Description
About a year after the publication of the book “L’incanto della maschera. Origini e forme di una testa vuota”, Fernando Mastropasqua and Ferdinando Falossi present the second volume, “La poesia della maschera. Una testa vuota fonte di conoscenza”.
After the Enchantment, the Poetry. The mask is the theater.
“L’incanto della maschera” aimed to frame the culture of classical Greece, and in particular the theater and its concept of the metamorphosis of the actor, from an anthropological perspective. The Poetry of the Mask addresses the problem of the poetic language of the mask itself. We enter into the details of the three different genres of the Greek theater of the classical period: Comedy, Tragedy and Satyric Drama, and we see how the construction technique of the mask and its dynamics go hand in hand with the evolution of the theatrical language.

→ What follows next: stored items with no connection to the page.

Lemma expi_root_near (N : nat) (z : C) : (0 < N)%N -> z * z^* = 1 ->
  exists m : nat, `|carg (expi (2 * pi / N%:R) ^+ m / z)| <= pi / N%:R.
Proof.
move=> N_gt0 /unit_circle_expi [t t_ge0 <-].
have N_gt0' : (0 : R) < N%:R by rewrite ltr0n.
have pi_gt0 := pi_gt0 R.
set c := 2 * pi / N%:R.
have c_gt0 : 0 < c by rewrite divr_gt0 ?mulr_gt0.
exists (Num.truncn (t / c + 2^-1)); set m := Num.truncn _.
have m_le : m%:R <= t / c + 2^-1 by rewrite truncn_le; have := divr_ge0 t_ge0 (ltW c_gt0); lra.
have m_gt : t / c + 2^-1 < m%:R + 1 by rewrite natr1 truncnS_gt.
have half_c : c / 2 = pi / N%:R by rewrite /c; field; exact: lt0r_neq0.
have dist_le : `|c *+ m - t| <= pi / N%:R.
  have -> : c *+ m - t = c * (m%:R - t / c) by rewrite -mulr_natr; field; exact: lt0r_neq0.
  rewrite normrM gtr0_norm // -half_c; apply: ler_wpM2l; first exact: ltW.
  by rewrite ler_norml; apply/andP; split; lra.
have piN_le : pi / N%:R <= pi :> R.
  by apply: ler_piMr; [exact: ltW | rewrite invf_le1 // ler1n].
rewrite expiMn expiN -expiD norm_carg_expi; first exact: dist_le.
by move: dist_le; rewrite ler_norml => /andP[]; lra.
Qed.

End Expi.

Section NearFactor.
Variable R : realType.
Local Notation C := R[i].

Definition near_factor m (eps : R) (A B : 'M[C]_m) (g : C) :=
  exists a b, [/\ spectrum A a, spectrum B b & `|carg (a * b / g)| / (2 * pi) <= eps].

Lemma near_factor_exact m eps (A B : 'M[C]_m) a b : 0 <= eps ->
  spectrum A a -> spectrum B b -> a * b != 0 -> near_factor eps A B (a * b).
Proof.
by move=> eps_ge0 A_a B_b ab_neq0; exists a, b; rewrite mulfV // carg1 normr0 mul0r.
Qed.

Lemma turns_le (x N : R) : 0 < N -> x <= pi / N -> x / (2 * pi) <= 1 / (2 * N).
Proof.
move=> N_gt0 x_le; have pi_gt0 := pi_gt0 R.
rewrite ler_pdivrMr ?mulr_gt0 //; apply: (le_trans x_le); rewrite le_eqVlt; apply/orP; left.
by apply/eqP; field; rewrite !lt0r_neq0.
Qed.

End NearFactor.

Section OrdinalArith.
Variable n : nat.
Local Notation p := n.+1.
Implicit Types k : 'I_p.

Lemma mulrn_ord_inj k : coprime k p -> injective (fun t : 'I_p => k *+ t).
Proof.
move=> k_cop; suff le_inj (t t' : 'I_p) : (t <= t')%N -> k *+ t = k *+ t' -> t = t'.
  move=> t t' /= eq_kt; have [le_tt'|/ltnW le_t't] := leqP t t'.
    exact: le_inj le_tt' eq_kt.
  by apply/esym/(le_inj _ _ le_t't).
move=> le_tt' /(congr1 val); rewrite !Zp_mulrn /= => /eqP.
rewrite eq_sym eqn_mod_dvd ?leq_mul2l ?le_tt' ?orbT // -mulnBr Gauss_dvdr; last first.
  by rewrite coprime_sym.
have lt_p : (t' - t < p)%N by apply: leq_ltn_trans (leq_subr _ _) (ltn_ord _).
move=> p_dvd; apply/val_inj/eqP; rewrite eqn_leq le_tt' /= -subn_eq0.
by apply: contraTT p_dvd; rewrite -lt0n => sub_gt0; rewrite gtnNdvd.
Qed.

Lemma mulrn_ord_p k : k *+ p = 0.
Proof. by apply/val_inj; rewrite Zp_mulrn /= modnMl. Qed.

Lemma coprime_ord k : prime p -> k != 0 -> coprime k p.
Proof.
move=> p_prime k_neq0; rewrite coprime_sym prime_coprime // gtnNdvd ?ltn_ord // lt0n.
by apply: contraNneq k_neq0 => k0; apply/eqP; apply: val_inj.
Qed.

Lemma expr_ordD (R : nzRingType) (z : R) (x y : 'I_p) :
  z ^+ p = 1 -> z ^+ (x + y)%R = z ^+ x * z ^+ y.
Proof. by move=> z_root; rewrite /= expr_mod // exprD. Qed.

Lemma expr_inZp (R : nzRingType) (z : R) m :
  z ^+ p = 1 -> z ^+ (inZp m : 'I_p) = z ^+ m.
Proof. by move=> z_root; rewrite /= expr_mod. Qed.

End OrdinalArith.

Section WeightedShift.
Variables (R : nzRingType) (n : nat).
Local Notation p := n.+1.

Definition wshift (d : 'I_p -> R) (k : 'I_p) : 'M[R]_p :=
  \matrix_(i, j) if j == i + k then d i else 0.

Lemma wshiftM d e k l : wshift d k *m wshift e l = wshift (fun i => d i * e (i + k)) (k + l).
Proof.
apply/matrixP => i j; rewrite !mxE (bigD1 (i + k)) //= big1 ?addr0 => [|r /negbTE r_neq].
  by rewrite !mxE eqxx addrA; case: ifP => _; rewrite ?mulr0.
by rewrite !mxE r_neq mul0r.
Qed.

Lemma diag_mx_wshift (r : 'rV[R]_p) : diag_mx r = wshift (r 0) 0.
Proof. by apply/matrixP => i j; rewrite !mxE addr0 eq_sym; case: eqP. Qed.

Lemma wshift1 : wshift (fun _ => 1) 0 = 1%:M.
Proof.
by rewrite -diag_const_mx diag_mx_wshift; congr wshift; apply: funext => i; rewrite mxE.
Qed.

Lemma mulmx_block_diag m1 m2 (A A' : 'M[R]_m1) (B B' : 'M[R]_m2) :
  block_mx A 0 0 B *m block_mx A' 0 0 B' = block_mx (A *m A') 0 0 (B *m B').
Proof. by rewrite mulmx_block !mulmx0 !mul0mx !addr0 !add0r. Qed.

End WeightedShift.

Section Spectrum.
Variable F : fieldType.

Lemma eigenvalue_block_diag m n (M : 'M[F]_m) (N : 'M[F]_n) g :
  eigenvalue (block_mx M 0 0 N) g = eigenvalue M g || eigenvalue N g.
Proof. by rewrite !eigenvalue_root_char /char_poly char_block_diag_mx det_ublock rootM. Qed.

Lemma eigenvalue_diag_mx n (r : 'rV[F]_n) g : eigenvalue (diag_mx r) g = (g \in codom (r 0)).
Proof.
rewrite eigenvalue_root_char char_poly_trig ?diag_mx_is_trig //.
rewrite (eq_bigr (fun i => 'X - (r 0 i)%:P)) => [|i _]; last by rewrite mxE eqxx.
by rewrite -(big_map (r 0) predT (fun a => 'X - a%:P)) root_prod_XsubC codomE enumT.
Qed.

End Spectrum.

Section ShiftSpectrum.
Variables (F : fieldType) (n : nat).
Local Notation p := n.+1.
Implicit Types (d : 'I_p -> F) (k : 'I_p) (g : F).

Lemma prod_wshift_orbit d k i : coprime k p -> \prod_(t < p) d (i + k *+ t) = \prod_j d j.
Proof.
move=> k_cop; have orbit_inj : injective (fun t : 'I_p => i + k *+ t).
  by move=> t t' /addrI; apply: mulrn_ord_inj.
by rewrite [RHS](reindex_inj orbit_inj).
Qed.

Lemma wshift_eigenvectorE (v : 'rV[F]_p) d k g :
  v *m wshift d k = g *: v <-> forall i, v 0 i * d i = g * v 0 (i + k).
Proof.
have vM j : (v *m wshift d k) 0 j = v 0 (j - k) * d (j - k).
  rewrite mxE (bigD1 (j - k)) //= big1 ?addr0 => [|r r_neq]; first by rewrite mxE subrK eqxx.
  by rewrite mxE -subr_eq eq_sym (negbTE r_neq) mulr0.
split=> [/matrixP eig i | eig]; first by have := eig 0 (i + k); rewrite vM mxE addrK.
by apply/matrixP => i j; rewrite ord1 vM mxE eig subrK.
Qed.

Lemma eigenvalue_wshift0 d g : eigenvalue (wshift d 0) g = (g \in codom d).
Proof.
rewrite (_ : wshift d 0 = diag_mx (\row_i d i)) ?eigenvalue_diag_mx.
  by congr (_ \in _); apply: eq_codom => i; rewrite mxE.
by rewrite diag_mx_wshift; congr wshift; apply: funext => i; rewrite mxE.
Qed.

Lemma eigenvalue_wshift_expn d k g : coprime k p ->
  eigenvalue (wshift d k) g -> g ^+ p = \prod_i d i.
Proof.
move=> k_cop /eigenvalueP[v /wshift_eigenvectorE eig v_neq0].
have [i0 vi0_neq0] : exists i, v 0 i != 0.
  apply/existsP; apply: contraR v_neq0 => /existsPn v0.
  by apply/eqP/matrixP => i j; rewrite ord1 mxE; apply/eqP/negPn/v0.
have iter m : v 0 i0 * \prod_(t < m) d (i0 + k *+ t) = g ^+ m * v 0 (i0 + k *+ m).
  elim: m => [|m IHm]; first by rewrite big_ord0 mulr1 expr0 mul1r addr0.
  by rewrite big_ord_recr /= mulrA IHm -mulrA eig exprSr -mulrA -addrA -mulrSr.
apply: (mulIf vi0_neq0); rewrite [RHS]mulrC -(prod_wshift_orbit d i0 k_cop) iter.
by rewrite mulrn_ord_p addr0.
Qed.
Theorem lemma3p14 (F : fieldType) (p : nat)
  (p_prime : prime p) (p_odd : odd p)
  (zeta : F) (zeta_prim : p.-primitive_root zeta)
  (Frigid : p_rigid_field F p)
  (a : F) (a_nz : a != 0) (a_npow : ~ is_ppow p a)
  (E : fieldExtType F) (alpha : E) (hE : is_pure_ext p a alpha) :
  (* spanning: \dot E/\dot E^p = <[alpha]> * epsilon(\dot F/\dot F^p) *)
  (forall x : E, x != 0 ->
     exists (k : nat) (f : F), f != 0 /\
       is_ppow p (x / (alpha ^+ k * f%:A))) /\
  (* directness: <[alpha]_E> \cap epsilon(\dot F/\dot F^p) is trivial *)
  (forall (k : nat) (f : F), f != 0 ->
     is_ppow p (alpha ^+ k / f%:A) -> is_ppow p (alpha ^+ k)).
Proof.
have a_rigid := Frigid a a_nz a_npow.
split => [x x0 | k f f0].
  have [k [f [y [f0 y0 ->]]]] :=
    decomposable_all p_prime zeta_prim a_nz a_npow hE p_odd a_rigid x0.
  exists k, f; split => //; exists y; split => //.
  by rewrite mulrC mulKf // mulf_neq0 ?expf_neq0 ?(alpha_nz p_prime a_nz hE) ?alg_nz.
exact: (alpha_pow_ppow p_prime zeta_prim a_nz a_npow hE p_odd f0).
Qed.
Lemma ode_zero h q d : h 0%N != 0 -> d 0%N = 0 -> h * derivS d = q * d -> d = 0.
Proof.
move=> h0 d0 E; suff low : forall n j, (j <= n)%N -> d j = 0.
  by apply/funext => k; apply: (low k k).
elim=> [|n IH] j hj; first by move: hj; rewrite leqn0 => /eqP ->.
case: (ltnP j n.+1) => hjn; first exact: IH.
have -> : j = n.+1 by apply/eqP; rewrite eqn_leq hj.
have := congr1 (fun f : fps F => f n) E; rewrite /= !coefS_mul.
rewrite [RHS]big1; last by move=> k _; rewrite IH ?mulr0 // leq_subr.
rewrite big_ord_recl [X in _ + X]big1 ?addr0; last first.
  by move=> k _; rewrite /derivS IH ?mul0r ?mulr0 // lift0; have := ltn_ord k; lia.
rewrite /derivS /= subn0 => /eqP; rewrite !mulf_eq0 (negbTE h0) (negbTE (natf_neq0 n)) orbF.
by move/eqP.
Qed.

Lemma ode_unique h q (y z : fps F) : h 0%N != 0 -> y 0%N = z 0%N ->
  h * derivS y = q * y -> h * derivS z = q * z -> y = z.
Proof.
move=> h0 yz Ey Ez; apply/eqP; rewrite -subr_eq0; apply/eqP.
apply: (@ode_zero h q) => //; first by rewrite coefS_sub yz subrr.
by rewrite derivS_sub mulrBr Ey Ez mulrBr.
Qed.

Lemma derivS_powC c h : h 0%N = 1 -> h * derivS (powC c h) = constS c * derivS h * powC c h.
Proof.
move=> h0; rewrite /powC scaleSE derivS_expS; last by rewrite coefS_mul0 logS0 mulr0.
by rewrite derivS_mul derivS_const mul0r add0r -(derivS_log h0); ring.
Qed.

Lemma powC_mul c (A B : fps F) : A 0%N = 1 -> B 0%N = 1 -> powC c A * powC c B = powC c (A * B).
Proof.
move=> A0 B0; have AB0 : (A * B) 0%N = 1 by rewrite coefS_mul0 A0 B0 mulr1.
apply: (@ode_unique (A * B) (constS c * derivS (A * B))).
- by rewrite AB0 oner_neq0.
- by rewrite coefS_mul0 !powC0 mulr1.
- transitivity (B * powC c B * (A * derivS (powC c A)) + A * powC c A * (B * derivS (powC c B))).
    by rewrite derivS_mul; ring.
  by rewrite derivS_powC // derivS_powC // derivS_mul; ring.
- by rewrite derivS_powC.
Qed.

The mask is generated in the sphere of revelation of the sacred. Its original emergence is a cavity inhabited by alien and unknown powers capable of pouring the visible manifestation of their presence beyond the void. Imbued with spiritual substance, it stands in the first instance as a cultural phenomenon of communication, but soon expands its iconic language beyond the boundaries of the supernatural. The cavity opens all the ways of metamorphosis. If being the original, and not simply representing it, is the specific of the icon, then, when what becomes present is no longer a spirit or a god but the pain of man or his ability to laugh at his own being born , that cry and that laugh acquire the dimension of an experiential knowledge of life. When the mask welcomes the vital needs of the human sphere, or in the theater season, the liturgical verb becomes poetic language and, at the origins of our culture, art forms such as tragedy, comedy, satyric drama are born. . From that moment on, the hollow space of the mask welcomes a multiplicity of beings to whom it will give voice and expression, but wearing an icon and becoming what a mask makes present will continue to contaminate even what is exquisitely human with the sacred.